Electronic Design
LTE Requires Synchronization And Standards Support

LTE Requires Synchronization And Standards Support

Mobile operators are embracing Long-Term Evolution (LTE) as their next-generation wireless infrastructure solution. Its growth is increasing demand for network robustness and reliability. In LTE deployments, network synchronization is key and solutions need to meet the rigorous timing and delivery requirements that ensure network quality and availability. Of course, synchronization technology and standards are necessary to support LTE deployments, and various synchronization options are available.

“Synchronization” refers to the technique applied to ensure the radios in the target LTE basestation are operating within the performance parameters defined by the appropriate 3rd Generation Partners Project (3GPP) standard. Synchronization is achieved by delivering a specifically formatted clock signal or signals to the basestation’s radio circuitry. These signals in turn are used to generate the modulation method’s RF air interface frequency/phase components.

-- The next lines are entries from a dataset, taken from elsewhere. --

Lemma perm_diff_sum_lower_bound pi tau b s :
  Injective tau ->
  infinite_sum (fun n => h n - h (pi n)) b ->
  infinite_sum (fun n => h (pi n) - h (tau n)) s -> - b <= s.
Proof.
  rewrite !infinite_sum_Un_cv_psum. intros Htau Hb Hs.
  eapply Rle_cv_lim; [| apply CV_opp, Hb | exact Hs].
  intros n. unfold opp_seq. rewrite !psum_minus.
  pose proof (psum_comp_injective_le tau n Htau). lra.
Qed.

End Rearrangement.

Section Greedy.

Variable h : nat -> R.
Hypothesis h_pos : forall n, 0 < h n.
Hypothesis h_antitone : forall m n, (m <= n)%nat -> h n <= h m.
Hypothesis h_half : forall n, h (2 * n + 1) <= h n / 2.
Hypothesis h_cv0 : Un_cv h 0.
Hypothesis h_psum_cv_infty : cv_infty (psum h).

Variable s : R.

(* Greedy construction of [rho] with [sum (h n - h (rho n)) = s]: while the partial sum is
   below [s], send [n] to a fresh index so far out that the term is at least [h n / 2];
   otherwise send [n] to the least unused index, which keeps the term non-positive. *)
Definition far (n : nat) (l : list nat) : nat := S (2 * n + listmax l).

Definition greedy_next (n : nat) (l : list nat) : nat :=
  if Rlt_dec (psum h n - lsum h l) s then far n l else mex l.

Fixpoint chosen (n : nat) : list nat :=
  match n with
  | O => nil
  | S n' => greedy_next n' (chosen n') :: chosen n'
  end.
Lemma d_bounded_M_p : d_bounded d (M_p d p mu).
Proof.
have [c far] := W_pR_gt0_far.
have M_p_le x : M_p d p mu x -> d x1 x <= c.
  move=> Mx; rewrite leNgt; apply/negP => /far.
  by have := Mx x1; rewrite W_pE lee_fin leNgt => /negP.
exists (c + c) => x y /M_p_le hx /M_p_le hy.
by rewrite (le_trans (dist_triangle hd x x1 y)) // (dist_sym hd x x1) lerD.
Qed.

End Wasserstein.

Theorem corollary3p7 (R : realType) (dm : measure_display) (X : measurableType dm)
  (d : X -> X -> R) (p : R) (mu : probability X R) :
  is_metric d -> is_borel_of d -> 1 <= p -> finite_moment d (p - 1) mu ->
  d_closed d (M_p d p mu) /\ d_bounded d (M_p d p mu).
Proof.
move=> hd borel p1 [x1 moment_x1].
have open_measurable U : d_open d U -> measurable U.
  by move=> oU; rewrite borel; exact: sub_sigma_algebra.
split; first exact: (d_closed_M_p hd open_measurable _ _ _ p1 moment_x1).
exact: (d_bounded_M_p hd open_measurable _ _ _ p1 moment_x1).
Qed.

The RF or air interface requirements of LTE are determined by the 3GPP, a collaboration between groups of telecommunications associations, known as the Organizational Partners. The 3GPP’s standardization encompasses radio, core network, and service architecture.

The Rise Of Data

Throughout the evolution of the mobile wireless network deployments of 2G and early 3G, the fundamental synchronization reference clock was delivered to basestations via the backhaul telecommunications network or GPS. In days past, when voice traffic consumed most of the basestation backhaul bandwidth, T1/E1 physical-layer (PHY) facilities delivered the base clock frequency for frequency division duplex (FDD) class radios. In time division duplex (TDD) class radios, GPS delivered both the frequency and phase signals. (For more, see “What’s The Difference Between FDD And TDD?” at http://electronicdesign.com/article/communications/whats-difference-fdd-tdd-74243.)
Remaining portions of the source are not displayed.